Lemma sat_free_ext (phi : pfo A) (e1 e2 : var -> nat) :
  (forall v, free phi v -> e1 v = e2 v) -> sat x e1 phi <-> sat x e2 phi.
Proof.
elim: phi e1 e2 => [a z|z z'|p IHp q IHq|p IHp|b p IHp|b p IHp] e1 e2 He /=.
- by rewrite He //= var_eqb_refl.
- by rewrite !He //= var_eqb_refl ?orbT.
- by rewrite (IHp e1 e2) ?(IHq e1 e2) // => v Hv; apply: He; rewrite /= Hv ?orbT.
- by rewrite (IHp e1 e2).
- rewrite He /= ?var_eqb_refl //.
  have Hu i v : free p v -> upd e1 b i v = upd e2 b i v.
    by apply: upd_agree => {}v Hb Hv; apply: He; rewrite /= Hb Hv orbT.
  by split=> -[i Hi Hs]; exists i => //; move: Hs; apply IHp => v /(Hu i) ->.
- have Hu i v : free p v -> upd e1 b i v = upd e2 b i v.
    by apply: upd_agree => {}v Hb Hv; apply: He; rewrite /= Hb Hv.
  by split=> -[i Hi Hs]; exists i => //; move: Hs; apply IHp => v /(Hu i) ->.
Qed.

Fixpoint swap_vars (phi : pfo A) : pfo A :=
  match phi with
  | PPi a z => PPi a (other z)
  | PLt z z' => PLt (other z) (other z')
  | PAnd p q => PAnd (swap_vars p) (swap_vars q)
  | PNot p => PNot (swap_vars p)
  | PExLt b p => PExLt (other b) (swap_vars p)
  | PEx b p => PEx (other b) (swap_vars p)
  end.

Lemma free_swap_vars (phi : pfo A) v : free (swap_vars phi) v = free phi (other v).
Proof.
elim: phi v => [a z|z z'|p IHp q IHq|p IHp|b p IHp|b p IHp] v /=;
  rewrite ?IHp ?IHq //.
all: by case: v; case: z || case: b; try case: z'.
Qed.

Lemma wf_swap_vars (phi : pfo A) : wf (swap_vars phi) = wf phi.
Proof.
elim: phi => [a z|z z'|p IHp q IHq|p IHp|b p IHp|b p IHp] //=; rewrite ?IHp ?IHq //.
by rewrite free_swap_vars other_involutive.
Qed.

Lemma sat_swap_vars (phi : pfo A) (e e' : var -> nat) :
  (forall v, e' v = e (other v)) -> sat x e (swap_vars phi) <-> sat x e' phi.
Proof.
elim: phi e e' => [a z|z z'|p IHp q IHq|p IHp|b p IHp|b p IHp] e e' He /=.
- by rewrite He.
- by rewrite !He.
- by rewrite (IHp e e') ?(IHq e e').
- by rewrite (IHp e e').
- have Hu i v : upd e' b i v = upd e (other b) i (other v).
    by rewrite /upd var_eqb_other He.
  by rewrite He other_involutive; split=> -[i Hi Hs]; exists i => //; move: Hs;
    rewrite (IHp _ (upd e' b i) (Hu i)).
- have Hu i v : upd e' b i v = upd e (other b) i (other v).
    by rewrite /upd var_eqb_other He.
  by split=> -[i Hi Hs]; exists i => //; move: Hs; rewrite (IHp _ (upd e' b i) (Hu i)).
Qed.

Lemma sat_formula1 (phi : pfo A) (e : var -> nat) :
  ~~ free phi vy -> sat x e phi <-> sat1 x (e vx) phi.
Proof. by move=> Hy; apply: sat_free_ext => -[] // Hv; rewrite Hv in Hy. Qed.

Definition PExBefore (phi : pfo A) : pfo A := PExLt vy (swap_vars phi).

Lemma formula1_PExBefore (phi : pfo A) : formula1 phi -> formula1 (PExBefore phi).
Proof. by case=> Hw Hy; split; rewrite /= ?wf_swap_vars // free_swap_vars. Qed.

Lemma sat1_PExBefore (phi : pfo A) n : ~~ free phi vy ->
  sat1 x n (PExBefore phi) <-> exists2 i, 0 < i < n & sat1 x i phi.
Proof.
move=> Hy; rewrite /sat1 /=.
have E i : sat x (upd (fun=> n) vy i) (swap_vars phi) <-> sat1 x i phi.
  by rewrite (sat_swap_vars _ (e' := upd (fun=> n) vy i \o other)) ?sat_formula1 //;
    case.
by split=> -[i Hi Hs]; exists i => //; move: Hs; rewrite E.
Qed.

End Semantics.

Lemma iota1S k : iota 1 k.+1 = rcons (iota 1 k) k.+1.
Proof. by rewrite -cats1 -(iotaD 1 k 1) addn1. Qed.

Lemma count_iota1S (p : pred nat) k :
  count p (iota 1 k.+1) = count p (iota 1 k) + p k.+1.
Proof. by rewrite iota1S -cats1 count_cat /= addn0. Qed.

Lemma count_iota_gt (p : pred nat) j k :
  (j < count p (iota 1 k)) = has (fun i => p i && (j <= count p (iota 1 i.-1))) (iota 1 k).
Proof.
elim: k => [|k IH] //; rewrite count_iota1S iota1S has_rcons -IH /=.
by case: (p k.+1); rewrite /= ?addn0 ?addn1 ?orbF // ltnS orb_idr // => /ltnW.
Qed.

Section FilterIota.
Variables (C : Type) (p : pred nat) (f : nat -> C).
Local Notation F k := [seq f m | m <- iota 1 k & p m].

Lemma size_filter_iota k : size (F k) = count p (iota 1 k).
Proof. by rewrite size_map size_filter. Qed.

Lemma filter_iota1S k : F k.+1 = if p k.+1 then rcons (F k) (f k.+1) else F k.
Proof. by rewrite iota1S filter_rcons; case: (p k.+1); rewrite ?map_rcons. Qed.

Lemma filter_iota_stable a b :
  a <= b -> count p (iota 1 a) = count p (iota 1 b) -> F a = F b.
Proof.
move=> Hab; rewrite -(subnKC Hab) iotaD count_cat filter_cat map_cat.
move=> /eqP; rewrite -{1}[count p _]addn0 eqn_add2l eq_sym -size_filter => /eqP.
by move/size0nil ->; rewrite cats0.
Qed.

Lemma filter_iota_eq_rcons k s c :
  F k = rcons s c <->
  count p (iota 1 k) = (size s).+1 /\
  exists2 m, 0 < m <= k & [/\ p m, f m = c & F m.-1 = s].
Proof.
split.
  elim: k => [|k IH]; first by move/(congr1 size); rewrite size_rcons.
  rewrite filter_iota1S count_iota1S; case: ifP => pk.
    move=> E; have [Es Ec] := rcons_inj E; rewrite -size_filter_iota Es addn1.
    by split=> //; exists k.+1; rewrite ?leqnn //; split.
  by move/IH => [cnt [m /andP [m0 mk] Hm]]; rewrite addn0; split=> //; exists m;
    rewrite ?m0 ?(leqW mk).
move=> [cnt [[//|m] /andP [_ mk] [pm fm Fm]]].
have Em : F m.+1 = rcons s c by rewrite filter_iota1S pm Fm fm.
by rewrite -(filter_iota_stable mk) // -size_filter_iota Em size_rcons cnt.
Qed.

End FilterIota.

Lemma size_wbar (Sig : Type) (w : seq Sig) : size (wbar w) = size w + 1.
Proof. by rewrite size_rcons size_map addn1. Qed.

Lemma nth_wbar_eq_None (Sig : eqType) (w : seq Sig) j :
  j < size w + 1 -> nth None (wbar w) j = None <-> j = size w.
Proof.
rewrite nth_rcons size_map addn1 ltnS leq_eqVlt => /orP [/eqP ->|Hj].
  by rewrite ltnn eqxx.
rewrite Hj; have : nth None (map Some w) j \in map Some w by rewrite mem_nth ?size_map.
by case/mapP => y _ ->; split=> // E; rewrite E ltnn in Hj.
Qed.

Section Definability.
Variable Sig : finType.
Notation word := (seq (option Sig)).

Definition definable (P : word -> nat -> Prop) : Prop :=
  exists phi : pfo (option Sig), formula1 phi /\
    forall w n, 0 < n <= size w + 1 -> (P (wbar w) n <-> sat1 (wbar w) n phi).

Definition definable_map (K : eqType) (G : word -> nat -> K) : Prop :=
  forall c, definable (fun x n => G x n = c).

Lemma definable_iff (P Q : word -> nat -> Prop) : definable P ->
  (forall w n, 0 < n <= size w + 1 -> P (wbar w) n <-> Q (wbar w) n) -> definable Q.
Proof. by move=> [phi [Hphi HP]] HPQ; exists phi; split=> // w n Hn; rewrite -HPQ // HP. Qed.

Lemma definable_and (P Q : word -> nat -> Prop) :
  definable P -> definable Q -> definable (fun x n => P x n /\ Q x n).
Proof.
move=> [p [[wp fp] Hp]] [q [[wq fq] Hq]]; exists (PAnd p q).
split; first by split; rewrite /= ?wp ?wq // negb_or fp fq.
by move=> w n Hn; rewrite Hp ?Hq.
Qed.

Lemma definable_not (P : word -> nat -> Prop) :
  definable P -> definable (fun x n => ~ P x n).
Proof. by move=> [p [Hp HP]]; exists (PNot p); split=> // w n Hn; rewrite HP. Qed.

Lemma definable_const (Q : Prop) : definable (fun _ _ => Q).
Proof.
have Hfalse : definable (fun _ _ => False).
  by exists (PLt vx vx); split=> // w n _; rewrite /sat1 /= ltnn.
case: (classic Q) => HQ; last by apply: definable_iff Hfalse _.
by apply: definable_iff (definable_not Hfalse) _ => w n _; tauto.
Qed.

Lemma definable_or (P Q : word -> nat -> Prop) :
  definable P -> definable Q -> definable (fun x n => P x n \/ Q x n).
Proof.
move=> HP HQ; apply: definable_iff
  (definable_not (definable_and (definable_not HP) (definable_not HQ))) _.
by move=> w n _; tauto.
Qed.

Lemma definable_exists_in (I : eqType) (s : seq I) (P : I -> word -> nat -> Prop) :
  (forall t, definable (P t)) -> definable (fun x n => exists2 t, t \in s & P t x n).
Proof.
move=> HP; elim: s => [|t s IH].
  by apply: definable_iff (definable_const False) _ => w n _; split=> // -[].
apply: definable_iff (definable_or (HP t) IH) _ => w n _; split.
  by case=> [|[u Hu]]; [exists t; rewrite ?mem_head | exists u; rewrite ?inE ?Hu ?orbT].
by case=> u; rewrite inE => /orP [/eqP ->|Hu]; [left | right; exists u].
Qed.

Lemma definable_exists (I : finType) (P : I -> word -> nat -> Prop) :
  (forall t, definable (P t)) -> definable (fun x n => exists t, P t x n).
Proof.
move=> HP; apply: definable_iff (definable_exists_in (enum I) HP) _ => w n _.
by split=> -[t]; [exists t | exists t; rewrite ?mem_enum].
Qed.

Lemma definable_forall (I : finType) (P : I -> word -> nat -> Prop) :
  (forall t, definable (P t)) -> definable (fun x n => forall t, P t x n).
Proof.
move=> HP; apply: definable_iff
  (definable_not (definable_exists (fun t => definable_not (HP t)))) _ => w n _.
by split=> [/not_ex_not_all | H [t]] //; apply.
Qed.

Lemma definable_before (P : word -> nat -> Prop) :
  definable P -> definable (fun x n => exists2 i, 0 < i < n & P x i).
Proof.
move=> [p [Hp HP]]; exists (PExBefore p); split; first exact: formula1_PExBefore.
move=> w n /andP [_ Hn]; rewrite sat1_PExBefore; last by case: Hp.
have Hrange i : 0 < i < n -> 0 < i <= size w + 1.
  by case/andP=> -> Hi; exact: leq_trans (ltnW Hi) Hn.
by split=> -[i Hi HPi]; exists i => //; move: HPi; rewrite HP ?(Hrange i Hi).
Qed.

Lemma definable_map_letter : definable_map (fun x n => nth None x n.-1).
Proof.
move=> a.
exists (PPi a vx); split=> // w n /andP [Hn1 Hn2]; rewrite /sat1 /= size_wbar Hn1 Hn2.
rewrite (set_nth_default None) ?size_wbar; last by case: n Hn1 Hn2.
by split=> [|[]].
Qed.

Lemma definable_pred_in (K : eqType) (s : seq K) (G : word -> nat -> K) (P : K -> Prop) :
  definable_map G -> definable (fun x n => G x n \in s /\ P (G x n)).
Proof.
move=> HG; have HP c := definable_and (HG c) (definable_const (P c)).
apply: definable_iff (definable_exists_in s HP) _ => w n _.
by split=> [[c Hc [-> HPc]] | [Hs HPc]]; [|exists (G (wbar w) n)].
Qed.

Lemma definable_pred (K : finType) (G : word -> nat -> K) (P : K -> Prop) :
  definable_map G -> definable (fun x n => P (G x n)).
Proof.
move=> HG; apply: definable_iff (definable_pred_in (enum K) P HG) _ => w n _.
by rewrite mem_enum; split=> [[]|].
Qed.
● ● ● ● ●
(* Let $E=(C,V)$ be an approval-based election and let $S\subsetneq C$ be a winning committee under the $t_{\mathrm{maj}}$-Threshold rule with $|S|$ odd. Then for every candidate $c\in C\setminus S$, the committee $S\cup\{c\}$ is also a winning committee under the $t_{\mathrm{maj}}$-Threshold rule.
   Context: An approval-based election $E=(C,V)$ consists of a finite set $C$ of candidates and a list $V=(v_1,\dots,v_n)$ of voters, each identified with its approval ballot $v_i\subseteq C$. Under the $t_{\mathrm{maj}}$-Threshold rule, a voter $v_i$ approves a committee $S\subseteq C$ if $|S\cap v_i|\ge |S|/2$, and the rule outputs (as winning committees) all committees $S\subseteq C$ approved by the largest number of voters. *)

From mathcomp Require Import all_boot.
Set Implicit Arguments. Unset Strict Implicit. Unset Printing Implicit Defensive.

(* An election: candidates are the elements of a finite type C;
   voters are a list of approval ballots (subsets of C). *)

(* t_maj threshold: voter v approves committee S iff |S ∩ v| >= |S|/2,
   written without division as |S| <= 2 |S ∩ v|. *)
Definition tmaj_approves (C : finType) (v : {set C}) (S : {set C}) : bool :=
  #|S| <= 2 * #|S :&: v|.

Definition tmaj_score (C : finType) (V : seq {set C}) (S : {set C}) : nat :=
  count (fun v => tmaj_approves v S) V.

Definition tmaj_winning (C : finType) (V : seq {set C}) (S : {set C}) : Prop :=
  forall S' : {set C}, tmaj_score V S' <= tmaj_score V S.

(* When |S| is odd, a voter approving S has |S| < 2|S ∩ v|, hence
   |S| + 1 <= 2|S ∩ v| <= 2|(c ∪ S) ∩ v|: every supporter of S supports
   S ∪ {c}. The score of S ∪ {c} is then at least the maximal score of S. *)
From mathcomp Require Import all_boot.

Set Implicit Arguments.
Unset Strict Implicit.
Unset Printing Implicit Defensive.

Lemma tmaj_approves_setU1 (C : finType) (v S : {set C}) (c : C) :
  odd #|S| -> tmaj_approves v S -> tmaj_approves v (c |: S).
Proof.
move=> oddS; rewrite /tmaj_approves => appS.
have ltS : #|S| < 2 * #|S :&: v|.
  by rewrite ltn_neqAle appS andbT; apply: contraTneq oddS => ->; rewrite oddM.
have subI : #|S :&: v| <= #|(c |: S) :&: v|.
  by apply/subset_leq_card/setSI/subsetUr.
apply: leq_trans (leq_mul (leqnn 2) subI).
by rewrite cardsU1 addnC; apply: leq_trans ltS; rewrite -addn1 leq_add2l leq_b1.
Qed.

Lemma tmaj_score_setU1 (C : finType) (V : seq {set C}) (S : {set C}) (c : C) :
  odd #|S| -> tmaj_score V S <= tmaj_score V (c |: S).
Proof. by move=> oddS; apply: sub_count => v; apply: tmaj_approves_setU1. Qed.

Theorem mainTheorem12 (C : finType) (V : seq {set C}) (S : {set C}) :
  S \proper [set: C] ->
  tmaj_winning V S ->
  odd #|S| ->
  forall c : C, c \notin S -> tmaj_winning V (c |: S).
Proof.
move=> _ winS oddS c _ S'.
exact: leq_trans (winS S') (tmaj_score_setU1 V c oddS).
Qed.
● ● ● ● ●
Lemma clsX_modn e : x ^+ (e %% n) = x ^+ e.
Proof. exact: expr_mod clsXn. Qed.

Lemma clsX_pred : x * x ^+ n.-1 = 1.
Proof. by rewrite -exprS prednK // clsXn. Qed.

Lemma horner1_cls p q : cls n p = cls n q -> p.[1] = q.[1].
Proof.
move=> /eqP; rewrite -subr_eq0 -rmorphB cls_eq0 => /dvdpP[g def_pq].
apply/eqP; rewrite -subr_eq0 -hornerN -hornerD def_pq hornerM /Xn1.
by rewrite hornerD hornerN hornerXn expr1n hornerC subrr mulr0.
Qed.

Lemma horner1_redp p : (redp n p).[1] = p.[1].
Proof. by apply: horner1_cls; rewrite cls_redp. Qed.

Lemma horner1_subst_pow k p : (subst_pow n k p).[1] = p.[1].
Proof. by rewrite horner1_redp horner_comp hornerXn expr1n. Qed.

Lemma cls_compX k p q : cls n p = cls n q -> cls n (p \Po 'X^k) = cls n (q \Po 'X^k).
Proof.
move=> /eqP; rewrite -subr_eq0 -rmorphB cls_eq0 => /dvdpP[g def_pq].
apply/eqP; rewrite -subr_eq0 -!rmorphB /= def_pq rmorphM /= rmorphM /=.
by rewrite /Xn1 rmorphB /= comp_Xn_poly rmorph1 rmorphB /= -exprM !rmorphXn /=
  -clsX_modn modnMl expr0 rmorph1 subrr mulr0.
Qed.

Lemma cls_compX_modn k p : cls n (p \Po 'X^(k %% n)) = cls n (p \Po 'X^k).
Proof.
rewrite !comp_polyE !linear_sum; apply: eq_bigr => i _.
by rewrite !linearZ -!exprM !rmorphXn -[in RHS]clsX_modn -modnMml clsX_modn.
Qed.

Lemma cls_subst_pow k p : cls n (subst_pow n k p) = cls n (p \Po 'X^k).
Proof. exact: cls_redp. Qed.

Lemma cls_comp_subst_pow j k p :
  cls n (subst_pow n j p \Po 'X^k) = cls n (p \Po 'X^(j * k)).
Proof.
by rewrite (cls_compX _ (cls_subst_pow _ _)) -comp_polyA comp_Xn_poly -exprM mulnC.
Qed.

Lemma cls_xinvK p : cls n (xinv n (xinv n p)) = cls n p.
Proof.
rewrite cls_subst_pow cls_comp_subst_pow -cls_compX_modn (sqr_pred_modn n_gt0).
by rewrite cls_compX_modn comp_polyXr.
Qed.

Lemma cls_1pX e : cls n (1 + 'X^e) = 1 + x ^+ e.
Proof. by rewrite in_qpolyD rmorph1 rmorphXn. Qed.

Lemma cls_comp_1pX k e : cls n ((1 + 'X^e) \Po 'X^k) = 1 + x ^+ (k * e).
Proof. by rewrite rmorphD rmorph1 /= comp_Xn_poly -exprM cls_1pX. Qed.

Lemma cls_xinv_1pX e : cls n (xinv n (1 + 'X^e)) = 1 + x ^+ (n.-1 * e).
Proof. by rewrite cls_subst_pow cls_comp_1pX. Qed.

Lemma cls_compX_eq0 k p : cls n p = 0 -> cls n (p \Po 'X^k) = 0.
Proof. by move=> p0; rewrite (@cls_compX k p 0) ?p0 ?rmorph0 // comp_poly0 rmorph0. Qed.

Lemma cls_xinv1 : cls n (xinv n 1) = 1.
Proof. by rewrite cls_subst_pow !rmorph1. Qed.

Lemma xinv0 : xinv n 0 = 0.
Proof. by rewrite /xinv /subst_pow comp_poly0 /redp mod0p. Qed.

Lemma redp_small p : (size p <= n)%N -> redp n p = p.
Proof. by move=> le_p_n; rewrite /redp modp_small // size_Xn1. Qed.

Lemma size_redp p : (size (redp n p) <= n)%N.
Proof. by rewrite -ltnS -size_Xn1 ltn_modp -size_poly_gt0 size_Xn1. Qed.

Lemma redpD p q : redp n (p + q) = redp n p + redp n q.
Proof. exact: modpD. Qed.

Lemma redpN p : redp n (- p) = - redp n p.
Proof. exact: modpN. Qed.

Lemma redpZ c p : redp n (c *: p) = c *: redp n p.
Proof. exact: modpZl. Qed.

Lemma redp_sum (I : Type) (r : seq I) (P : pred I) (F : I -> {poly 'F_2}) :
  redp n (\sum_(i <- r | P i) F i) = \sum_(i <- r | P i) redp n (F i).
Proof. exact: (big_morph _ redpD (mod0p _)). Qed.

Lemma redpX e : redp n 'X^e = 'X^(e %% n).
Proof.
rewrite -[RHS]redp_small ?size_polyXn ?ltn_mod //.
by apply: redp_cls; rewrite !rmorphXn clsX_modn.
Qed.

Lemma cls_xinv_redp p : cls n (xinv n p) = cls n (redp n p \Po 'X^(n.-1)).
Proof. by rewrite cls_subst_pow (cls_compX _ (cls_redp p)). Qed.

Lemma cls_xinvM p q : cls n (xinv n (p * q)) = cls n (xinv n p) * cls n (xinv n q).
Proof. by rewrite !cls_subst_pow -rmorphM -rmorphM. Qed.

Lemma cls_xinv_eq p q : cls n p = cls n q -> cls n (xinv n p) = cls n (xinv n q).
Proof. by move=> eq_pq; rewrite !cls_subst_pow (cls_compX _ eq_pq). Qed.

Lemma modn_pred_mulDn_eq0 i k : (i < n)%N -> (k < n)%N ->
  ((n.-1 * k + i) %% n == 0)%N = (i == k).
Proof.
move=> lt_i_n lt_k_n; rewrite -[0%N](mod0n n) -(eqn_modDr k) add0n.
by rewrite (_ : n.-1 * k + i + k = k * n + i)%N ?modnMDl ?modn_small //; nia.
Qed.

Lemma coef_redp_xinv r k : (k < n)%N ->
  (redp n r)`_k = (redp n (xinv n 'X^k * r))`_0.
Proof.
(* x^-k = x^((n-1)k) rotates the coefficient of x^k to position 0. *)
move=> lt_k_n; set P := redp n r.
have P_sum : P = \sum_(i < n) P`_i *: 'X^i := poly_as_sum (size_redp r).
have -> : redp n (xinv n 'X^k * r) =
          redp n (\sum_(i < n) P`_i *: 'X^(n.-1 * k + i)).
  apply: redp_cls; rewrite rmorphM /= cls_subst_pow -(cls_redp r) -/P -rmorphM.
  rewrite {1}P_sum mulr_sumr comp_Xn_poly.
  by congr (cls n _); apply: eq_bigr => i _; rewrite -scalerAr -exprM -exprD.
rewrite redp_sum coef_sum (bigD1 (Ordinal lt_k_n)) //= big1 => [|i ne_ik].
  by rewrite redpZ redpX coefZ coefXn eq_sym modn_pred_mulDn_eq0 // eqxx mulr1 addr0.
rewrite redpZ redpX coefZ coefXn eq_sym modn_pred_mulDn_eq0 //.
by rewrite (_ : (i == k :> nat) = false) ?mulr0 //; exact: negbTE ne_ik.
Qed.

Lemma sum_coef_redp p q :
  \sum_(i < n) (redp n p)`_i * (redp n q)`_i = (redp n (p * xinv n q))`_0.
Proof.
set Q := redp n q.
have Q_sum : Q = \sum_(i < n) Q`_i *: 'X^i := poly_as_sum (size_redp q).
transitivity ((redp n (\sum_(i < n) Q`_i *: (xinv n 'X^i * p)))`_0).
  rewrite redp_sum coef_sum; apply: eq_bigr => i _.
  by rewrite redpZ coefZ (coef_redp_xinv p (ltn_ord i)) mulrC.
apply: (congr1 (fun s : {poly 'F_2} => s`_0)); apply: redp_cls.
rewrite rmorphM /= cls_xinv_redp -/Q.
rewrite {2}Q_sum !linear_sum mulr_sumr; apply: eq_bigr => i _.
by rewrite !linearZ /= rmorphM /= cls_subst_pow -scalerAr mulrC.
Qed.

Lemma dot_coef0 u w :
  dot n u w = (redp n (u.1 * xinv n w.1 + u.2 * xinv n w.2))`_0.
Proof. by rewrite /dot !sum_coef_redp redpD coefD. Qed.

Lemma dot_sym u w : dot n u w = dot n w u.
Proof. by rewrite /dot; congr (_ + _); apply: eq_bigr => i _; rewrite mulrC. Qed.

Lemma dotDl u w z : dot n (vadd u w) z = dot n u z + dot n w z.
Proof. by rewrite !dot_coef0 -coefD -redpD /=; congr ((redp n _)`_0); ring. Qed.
● ● ● ● ●
● **Task brief**
Take from the listing above each line in which the string "Notation" is found.

● **Finished task**
Local Notation F k := [seq f m | m <- iota 1 k & p m].
Notation word := (seq (option Sig)).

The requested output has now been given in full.